You probably already know that you should never send anyone compromising photos of you, even if you have been dating for a while. But you also probably think that even if you did nothing bad would happen. That’s what I thought when I sent my boyfriend of four years a quick topless photo one night when he was on a business trip. I didn’t think anything of it and I even forgot that I sent it. Until about six months later when we broke up.
I ended the relationship and he took it badly. But, I thought after the dust settled that things would get back to normal. Unfortunately, I was very wrong. About a month after we finally ended things for good and he moved out I got a message from a friend on Facebook telling me to look at a website. They sent a link. And there, to my horror, was my topless photo with my name and my employer’s information. And my friend let me know that the link had been messaged by my ex to every single person on my Facebook friends list, including my boss and my co-workers.
I was mortified. And also terrified. I didn’t know what happen. I was afraid of losing my job and I was also afraid of being ostracized by co-workers. I was worried that clients or business associates would see those photos. I wanted to look on Twitter and Instagram to see if he was sending the link on those platforms but I didn’t have the courage to look. One of my friends looked for me and told me that the link had been tweeted to all of my ex’s ten thousand followers.
I called the police but they told me that there was nothing they could do. I was advised to print out the photo and the information from the website and start documenting any messages or contact I had with him in order to try and build a case against him. But there was no way to prove that he had uploaded the photo and because everything he was doing was online there was no way to stop him.
I started suffering from anxiety attacks all the time. I didn’t lose my job but I was definitely treated differently. My co-workers gossiped about me and I was passed over for a promotion that I had earned a few months after all this happened. Of course, I couldn’t prove that the photo had an impact on not getting the promotion but there’s a good chance it did. Eventually, I changed jobs but after just a few weeks my new employers received an email from an anonymous account with a link to the same site.
I never thought that one quick selfie would end up ruining my chances for promotion and following me from job to job. I trusted my boyfriend and I felt certain he would never do such a terrible thing. But it happened to me, and it can happen to you too. Think twice before sending any photos that could be used against you in the future.

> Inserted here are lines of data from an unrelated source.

(* Let $m\ge n$, $B\in\mathbb R^{n\times m}$ of full row rank, $f:\mathbb R^m\to\mathbb R$, $h:\mathbb R^n\to\mathbb R$ convex and continuously differentiable with Lipschitz gradients, $\mathcal L(u,p)=f(u)-h(p)+(Bu,p)$, and let $(u^*,p^* )$ be the saddle point of $\mathcal L$. Let $\mathcal I_{\mathcal V}$ ($m\times m$) and $\mathcal I_{\mathcal Q}$ ($n\times n$) be symmetric positive definite. Assume $f\in\mathcal S^{1,1}_{\mu_{f,\mathcal I_{\mathcal V}},L_{f,\mathcal I_{\mathcal V}}}$ with respect to $\mathcal I_{\mathcal V}$ with $0<\mu_{f,\mathcal I_{\mathcal V}}\le L_{f,\mathcal I_{\mathcal V}}<2$. Define the Lyapunov function $\mathcal E(u,p)=\frac12\|u-u^*\|^2_{\mathcal I_{\mathcal V}}+\frac12\|p-p^*\|^2_{\mathcal I_{\mathcal Q}}$ and the transformed primal-dual (TPD) vector field $\mathcal G=(\mathcal G^u,\mathcal G^p)$, $$\mathcal G^u(u,p)=-\mathcal I_{\mathcal V}^{-1}(\nabla f(u)+B^\top p),\qquad \mathcal G^p(u,p)=-\mathcal I_{\mathcal Q}^{-1}\big(\nabla h_B(p)-Be(u)\big).$$ Then for all $(u,p)$, $$-\nabla\mathcal E(u,p)\cdot\mathcal G(u,p)\ \ge\ \mu\,\mathcal E(u,p)+\frac{\mu_{f,\mathcal I_{\mathcal V}}}{2}\|v-v^*\|^2_{\mathcal I_{\mathcal V}},$$ where $\mu=\min\{\mu_{\mathcal V},\mu_{\mathcal Q}\}>0$, $v=u+\mathcal I_{\mathcal V}^{-1}B^\top p$, $v^*=u^*+\mathcal I_{\mathcal V}^{-1}B^\top p^*$. Consequently, if $(u(t),p(t))$ solves $u'=\mathcal G^u(u,p)$, $p'=\mathcal G^p(u,p)$, then $\mathcal E(u(t),p(t))\le e^{-\mu t}\mathcal E(u(0),p(0))$ for all $t>0$.
   Context: $(\cdot,\cdot)$ is the Euclidean inner product; for SPD $M$, $\|x\|_M=(Mx,x)^{1/2}$. A saddle point satisfies $\nabla f(u^* )+B^\top p^*=0$, $Bu^*=\nabla h(p^* )$. Bregman divergence: $D_g(y,x)=g(y)-g(x)-(\nabla g(x),y-x)$; $g\in\mathcal S^{1,1}_{\mu_{g,M},L_{g,M}}$ with respect to SPD $M$ means $\frac{\mu_{g,M}}{2}\|x-y\|_M^2\le D_g(y,x)\le\frac{L_{g,M}}{2}\|x-y\|_M^2$ for all $x,y$. Here $e(u)=u-\mathcal I_{\mathcal V}^{-1}\nabla f(u)$ and $h_B(p)=h(p)+\frac12(B\mathcal I_{\mathcal V}^{-1}B^\top p,p)$; $\mu_{h_B,\mathcal I_{\mathcal Q}}>0$ denotes the strong convexity constant of $h_B$ with respect to $\mathcal I_{\mathcal Q}$. Constants: $\mu_{\mathcal V}=\mu_{f,\mathcal I_{\mathcal V}}$ and $\mu_{\mathcal Q}=(2-L_{f,\mathcal I_{\mathcal V}})\mu_{h_B,\mathcal I_{\mathcal Q}}$. The expression $\nabla\mathcal E(u,p)\cdot\mathcal G(u,p)$ means $(\mathcal I_{\mathcal V}(u-u^* ),\mathcal G^u(u,p))+(\mathcal I_{\mathcal Q}(p-p^* ),\mathcal G^p(u,p))$. *)

From mathcomp Require Import all_boot all_order all_algebra.
From mathcomp Require Import all_classical all_reals all_analysis.
Set Implicit Arguments. Unset Strict Implicit. Unset Printing Implicit Defensive.
Import Order.TTheory GRing.Theory Num.Theory.
Local Open Scope ring_scope.
Local Open Scope classical_set_scope.

Section Defs.
Variable R : realType.

Definition ip (k : nat) (x y : 'cV[R]_k) : R := (x^T *m y) 0 0.

Definition sqnormM (k : nat) (M : 'M[R]_k) (x : 'cV[R]_k) : R := ip (M *m x) x.

Definition spd (k : nat) (M : 'M[R]_k) : Prop :=
  M^T = M /\ forall x : 'cV[R]_k, x != 0 -> 0 < sqnormM M x.

Definition is_gradient (k : nat) (f : 'cV[R]_k -> R) (gf : 'cV[R]_k -> 'cV[R]_k) : Prop :=
  forall x, differentiable f x /\ forall v, 'd f x v = ip (gf x) v.

Definition convex_fn (k : nat) (f : 'cV[R]_k -> R) : Prop :=
  forall (x y : 'cV[R]_k) (t : R), 0 <= t <= 1 ->
    f (t *: x + (1 - t) *: y) <= t * f x + (1 - t) * f y.

Definition lipschitz_fn (k : nat) (g : 'cV[R]_k -> 'cV[R]_k) : Prop :=
  exists L : R, forall x y, `|g x - g y| <= L * `|x - y|.

Definition bregman (k : nat) (g : 'cV[R]_k -> R) (gg : 'cV[R]_k -> 'cV[R]_k)
  (y x : 'cV[R]_k) : R := g y - g x - ip (gg x) (y - x).

Definition S11 (k : nat) (g : 'cV[R]_k -> R) (gg : 'cV[R]_k -> 'cV[R]_k)
  (M : 'M[R]_k) (mu L : R) : Prop :=
  forall x y : 'cV[R]_k,
    mu / 2 * sqnormM M (x - y) <= bregman g gg y x <= L / 2 * sqnormM M (x - y).

Definition hB (m n : nat) (h : 'cV[R]_n -> R) (B : 'M[R]_(n, m)) (IV : 'M[R]_m)
  (p : 'cV[R]_n) : R := h p + 1 / 2 * ip (B *m invmx IV *m B^T *m p) p.
Definition ghB (m n : nat) (gh : 'cV[R]_n -> 'cV[R]_n) (B : 'M[R]_(n, m)) (IV : 'M[R]_m)
  (p : 'cV[R]_n) : 'cV[R]_n := gh p + B *m invmx IV *m B^T *m p.

Definition e_map (m : nat) (gf : 'cV[R]_m -> 'cV[R]_m) (IV : 'M[R]_m) (u : 'cV[R]_m)
  : 'cV[R]_m := u - invmx IV *m gf u.

Definition Gu (m n : nat) (gf : 'cV[R]_m -> 'cV[R]_m) (B : 'M[R]_(n, m)) (IV : 'M[R]_m)
  (u : 'cV[R]_m) (p : 'cV[R]_n) : 'cV[R]_m := - (invmx IV *m (gf u + B^T *m p)).
Definition Gp (m n : nat) (gf : 'cV[R]_m -> 'cV[R]_m) (gh : 'cV[R]_n -> 'cV[R]_n)
  (B : 'M[R]_(n, m)) (IV : 'M[R]_m) (IQ : 'M[R]_n)
  (u : 'cV[R]_m) (p : 'cV[R]_n) : 'cV[R]_n :=
  - (invmx IQ *m (ghB gh B IV p - B *m e_map gf IV u)).

Definition Lyap (m n : nat) (IV : 'M[R]_m) (IQ : 'M[R]_n) (us : 'cV[R]_m) (ps : 'cV[R]_n)
  (u : 'cV[R]_m) (p : 'cV[R]_n) : R :=
  1 / 2 * sqnormM IV (u - us) + 1 / 2 * sqnormM IQ (p - ps).

Definition dLyapG (m n : nat) (gf : 'cV[R]_m -> 'cV[R]_m) (gh : 'cV[R]_n -> 'cV[R]_n)
  (B : 'M[R]_(n, m)) (IV : 'M[R]_m) (IQ : 'M[R]_n) (us : 'cV[R]_m) (ps : 'cV[R]_n)
  (u : 'cV[R]_m) (p : 'cV[R]_n) : R :=
  ip (IV *m (u - us)) (Gu gf B IV u p) + ip (IQ *m (p - ps)) (Gp gf gh B IV IQ u p).

End Defs.

(* the normed-module view of column vectors provided by MathComp-Analysis *)
Notation nvec R k := (matrix_matrix__canonical__normed_module_NormedModule R k 1).

Definition continuous_fn (R : realType) (k : nat) (g : 'cV[R]_k -> 'cV[R]_k) : Prop :=
  continuous (g : nvec R k -> nvec R k).

Definition cont_nonneg (R : realType) (k : nat) (u : R -> 'cV[R]_k) : Prop :=
  {within `[0, +oo[, continuous (u : R -> nvec R k)}.

(* Write a := u - us, d := p - ps and w := IV^-1 B^T d, so that v - vs = a + w.
   The saddle-point equations turn -grad E . G into
     (gf u - gf us, a + w) + (gh p - gh ps, d) + |w|^2_IV.
   Comparing four Bregman divergences of f, at us - w/2 and u + w/2, bounds the first
   term below by muf |a + w/2|^2 - Lf/4 |w|^2, and the strong convexity of h_B bounds
   muhB |d|^2_IQ by the last two terms; the parallelogram identity for |a + w/2|^2
   then yields the strong Lyapunov inequality.  Exponential decay along the flow
   follows because t |-> exp(mu t) E(u t, p t) has a nonpositive derivative. *)

From mathcomp Require Import all_boot all_order all_algebra.
From mathcomp Require Import all_classical all_reals all_analysis.
From mathcomp Require Import ring lra.
Import Order.TTheory GRing.Theory Num.Theory.
Import numFieldNormedType.Exports.
Local Open Scope ring_scope.
Local Open Scope classical_set_scope.
Set Implicit Arguments. Unset Strict Implicit. Unset Printing Implicit Defensive.

Section InnerProduct.
Variables (R : realType) (k : nat).
Implicit Types (x y z : 'cV[R]_k) (M : 'M[R]_k).

Lemma ipE x y : ip x y = \sum_i x i 0 * y i 0.
Proof. by rewrite /ip !mxE; apply: eq_bigr => i _; rewrite mxE. Qed.

Lemma ipC x y : ip x y = ip y x.
Proof. by rewrite !ipE; apply: eq_bigr => i _; rewrite mulrC. Qed.

Lemma ipDr x y z : ip x (y + z) = ip x y + ip x z.
Proof. by rewrite /ip mulmxDr mxE. Qed.

Lemma ipDl x y z : ip (x + y) z = ip x z + ip y z.
Proof. by rewrite ipC ipDr !(ipC z). Qed.

Lemma ipZr c x y : ip x (c *: y) = c * ip x y.
Proof. by rewrite /ip -scalemxAr mxE. Qed.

Got a Hot New Date? Keep Yourself on the Safe Side and Do a Background Check for New Dates
Being set up for a blind date or going on dating sites for a chance at love is not a bad thing. After all, many successful marriages sprung forth from such meetings. But while you can hope for the best when it comes to these kinds of dates, you should be aware of the risks it poses. And to stay on the safe side, you’d better do a background check for new dates so you don’t end up with a broken heart, or worse, broken bones and more.
Just to make it more clear, here are some of the risks that go on dates with people you don’t know have.
Your date can be a human trafficker who is ready to kidnap you and sell you to others.
Your date can be a rapist or sexual offender.
Your date can be any other type of criminal who wants to do you harm.
Your date can already be married and have a family.
These are just a few of what your date can end up to be and that you should be aware of.
But you should not ditch your date just because you think he may be one of the above. So, how can you tell if the guy is a cheater or a criminal? You can simply do a background check on him using tools on the internet such as the people search engine Kiwi Searches.
And when you are sure of your date, be more cautious and follow these tips.
Make sure to meet at a well-populated and well-lighted place.
Let someone you trust, like a family member or close friend, know about your plans of meeting someone.
Travel on separate cars. Don’t let your date pick you up or give him a ride on your car.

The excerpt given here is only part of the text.